[[ Data, beginning ]]

Lemma gram_gradient_identity A (N : 'I_m -> 'M[K]_m) (f : 'I_m -> K) (al : K)
    (c : 'I_m) :
  A \in unitmx ->
  (forall a i b, N a i b - N b i a = al * (f a * A i b - f b * A i a)) ->
  (forall i, \sum_a N a i a = (al - 1) * \sum_a f a * A i a) ->
  \tr (invmx A *m N c) + \sum_a (A^T *m gram_invmx_deriv A (N a) *m A) a c
    = ((m%:R - 2) * al + 1) * f c.
Proof.
move=> uA N_antisym N_trace; set B := invmx A.
have BA : B *m A = 1%:M by rewrite mulVmx.
have antisym : \tr (B *m N c) - \sum_a (B *m N a) a c = al * (m%:R - 1) * f c.
  transitivity (al * (f c * \sum_a (B *m A) a a - \sum_a f a * (B *m A) a c)).
    rewrite /mxtrace -sumrB mulr_sumr -sumrB mulr_sumr; apply: eq_bigr => a _.
    rewrite !mxE -sumrB mulr_sumr mulr_sumr -sumrB mulr_sumr; apply: eq_bigr => i _.
    by rewrite -mulrBr N_antisym; ring.
  rewrite BA sum_mul_delta -/(\tr 1%:M) mxtrace1; ring.
have trace : \sum_a (B *m N a) c a = (al - 1) * f c.
  transitivity ((al - 1) * \sum_a f a * (B *m A) c a); last first.
    rewrite BA; congr (_ * _); rewrite -[RHS]sum_mul_delta.
    by apply: eq_bigr => a _; rewrite !mxE eq_sym.
  under eq_bigr do rewrite mxE; rewrite [LHS]exchange_big /=.
  transitivity (\sum_i B c i * ((al - 1) * \sum_a f a * A i a)).
    by apply: eq_bigr => i _; rewrite -N_trace mulr_sumr.
  rewrite [RHS]mulr_sumr; under [RHS]eq_bigr do rewrite mxE !mulr_sumr.
  rewrite [RHS]exchange_big; apply: eq_bigr => i _ /=.
  by rewrite !mulr_sumr; apply: eq_bigr => a _; ring.
have pullback a : (A^T *m gram_invmx_deriv A (N a) *m A) a c
    = - ((B *m N a) c a + (B *m N a) a c).
  by rewrite gram_invmx_derivE // !mxE.
under eq_bigr do rewrite pullback.
rewrite sumrN big_split /= trace opprD addrCA antisym; ring.
Qed.

End GramMatrix.

Section RowExpansion.
Variables (R : realType) (m : nat).
Implicit Types (u v w : 'rV[R]_m) (s : 'I_m -> 'rV[R]_m).

Lemma row_lin_comb (k l : R) (f g : 'I_m -> R) :
  k *: \row_c f c + l *: \row_c g c = \row_c (k * f c + l * g c).
Proof. by apply/rowP => c; rewrite !mxE. Qed.

Lemma dotvDl u v w : dotv (u + v) w = dotv u w + dotv v w.
Proof. by rewrite /dotv -big_split; apply: eq_bigr => k _; rewrite mxE mulrDl. Qed.

Lemma dotvZl (k : R) v w : dotv (k *: v) w = k * dotv v w.
Proof. by rewrite /dotv mulr_sumr; apply: eq_bigr => i _; rewrite mxE mulrA. Qed.

Lemma sum_dotv_rows s (W : 'I_m -> 'M[R]_m) :
  \sum_i \sum_j dotv (\row_a W a i j) (s i) *: s j
    = \row_c \sum_a ((\matrix_i s i)^T *m W a *m \matrix_i s i) a c.
Proof.
apply/rowP => c; rewrite !mxE summxE.
transitivity (\sum_i \sum_j \sum_a s i 0 a * W a i j * s j 0 c).
  apply: eq_bigr => i _; rewrite summxE; apply: eq_bigr => j _.
  by rewrite mxE big_distrl; apply: eq_bigr => a _; rewrite mxE /=; ring.
under eq_bigr do rewrite exchange_big; rewrite exchange_big.
apply: eq_bigr => a _ /=; rewrite mxE exchange_big; apply: eq_bigr => j _ /=.
by rewrite !mxE big_distrl; apply: eq_bigr => i _; rewrite !mxE.
Qed.

Lemma sum_gram_invmx_dotv s v : \matrix_i s i \in unitmx ->
  \sum_i \sum_j (invmx (\matrix_i s i *m (\matrix_i s i)^T) i j * dotv v (s i)) *: s j
    = v.
Proof.
set A := \matrix_i s i; set G := invmx (A *m A^T) => uA.
transitivity (\sum_i \sum_j dotv (\row_a (v 0 a *: G) i j) (s i) *: s j).
  apply: eq_bigr => i _; apply: eq_bigr => j _; congr (_ *: _).
  by rewrite /dotv mulr_sumr; apply: eq_bigr => k _; rewrite !mxE; ring.
rewrite sum_dotv_rows; apply/rowP => c; rewrite mxE.
under eq_bigr do rewrite -scalemxAr -scalemxAl trmx_mul_invmx_gram // mulVmx // mxE.
exact: sum_mul_delta.
Qed.
(* Conjugation by the transposition of [0] and [j] makes the shear triangular. *)
Lemma tame_shear j G : G \is free_of j -> tame (shear j G).
Proof.
move=> free_G; pose i0 : 'I_n := Ordinal (leq_ltn_trans (leq0n j) (ltn_ord j)).
pose t := tperm i0 j; pose G' := G \mPo perm_map t.
have t_i0 k : (t k == i0) = (k == j).
  by rewrite -[X in _ == X](tpermR i0 j) (inj_eq perm_inj).
have -> : shear j G = pm_comp (perm_map t) (pm_comp (shear i0 G') (perm_map t)).
  apply: eq_from_tnth => i; rewrite !tnth_mktuple comp_mpolyXU -tnth_nth !tnth_mktuple.
  rewrite raddfD /= comp_mpolyXU -tnth_nth tnth_mktuple tpermK t_i0.
  case: eqP => _; last by rewrite raddf0.
  rewrite /G' comp_mpolyA -{1}[G]comp_mpoly_id; congr (_ + comp_mpoly _ _).
  by apply: eq_from_tnth => k; rewrite !tnth_mktuple comp_mpolyXU -tnth_nth tnth_mktuple tpermK.
have tame_t : tame (perm_map t) by apply: tame_aff; apply: affine_perm_map.
apply: tame_comp => //; apply: tame_comp => //.
apply/tame_tri/triangular_shear => //.
by apply: (free_of_comp free_G) => k k_j; rewrite tnth_mktuple free_ofX // t_i0.
Qed.

Variable (L : fieldExtType F).

Lemma pm_app_perm_map s (v : 'rV[L]_n) : pm_app (perm_map s) v = \row_i v 0 (s i).
Proof. by apply/rowP => i; rewrite pm_appE tnth_mktuple evLX mxE. Qed.
(* For every $A\subseteq\Omega$, $$\mu^*(A) = \inf\Big\{c\in(0,1]: \liminf_{t\to\infty} cE_t\ge \mathbf{1}_A \text{ pointwise on }\Omega\Big\} = \inf\Big\{c\in(0,1]: \sup_{t\in\mathbb{N}_0} cE_t\ge \mathbf{1}_A\text{ pointwise on }\Omega\Big\},$$ where in each infimum $c$ ranges over $(0,1]$ and $(E_t)_{t\in\mathbb{N}_0}$ ranges over all $\mathcal{P}$-e-processes (i.e. the infimum is over all $c$ for which some $\mathcal{P}$-e-process satisfies the displayed inequality).
   Context: Standing setup: $(\Omega, (\mathcal{F}_t)_{t\in\mathbb{N}_0}, \mathcal{F})$ is a filtered measurable space with $\mathcal{F} = \sigma\big(\bigcup_{t} \mathcal{F}_t\big)$. A stopping time is a map $\tau:\Omega\to\mathbb{N}_0\cup\{\infty\}$ with $\{\tau \le t\}\in\mathcal{F}_t$ for all $t$; $\mathcal{T}$ denotes the set of all stopping times. $\mathcal{P}$ is an arbitrary family of probability measures on $\mathcal{F}$. The inverse-capital measure is defined for every $A\subseteq\Omega$ by $\mu^*(A) = \inf_{\tau\in\mathcal{T}:\, A\subseteq\{\tau<\infty\}} \sup_{\mathbb{P}\in\mathcal{P}} \mathbb{P}(\tau<\infty)$. A $\mathcal{P}$-e-process is a nonnegative (possibly $[0,\infty]$-valued) process $(E_t)_{t\in\mathbb{N}_0}$ adapted to $(\mathcal{F}_t)$ such that $\mathbb{E}_{\mathbb{P}}[E_\tau]\le 1$ for every $\mathbb{P}\in\mathcal{P}$ and every $\tau\in\mathcal{T}$, with the convention $E_\infty=\limsup_{t\to\infty}E_t$. *)

From HB Require Import structures.
From mathcomp Require Import all_boot all_order all_algebra.
From mathcomp Require Import all_classical all_reals all_analysis measurable_realfun.
Set Implicit Arguments. Unset Strict Implicit. Unset Printing Implicit Defensive.
Import Order.TTheory GRing.Theory Num.Theory.
Local Open Scope classical_set_scope.
Local Open Scope ring_scope.
Local Open Scope ereal_scope.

[[ Data, end ]]

What you will do
Output the material above exactly, but only from the line that carries "apply: eq_bigr => a _ /=;" through the line that carries "set A := \matrix_i".

Exercise result
apply: eq_bigr => a _ /=; rewrite mxE exchange_big; apply: eq_bigr => j _ /=.
by rewrite !mxE big_distrl; apply: eq_bigr => i _; rewrite !mxE.
Qed.

Lemma sum_gram_invmx_dotv s v : \matrix_i s i \in unitmx ->
  \sum_i \sum_j (invmx (\matrix_i s i *m (\matrix_i s i)^T) i j * dotv v (s i)) *: s j
    = v.
Proof.
set A := \matrix_i s i; set G := invmx (A *m A^T) => uA.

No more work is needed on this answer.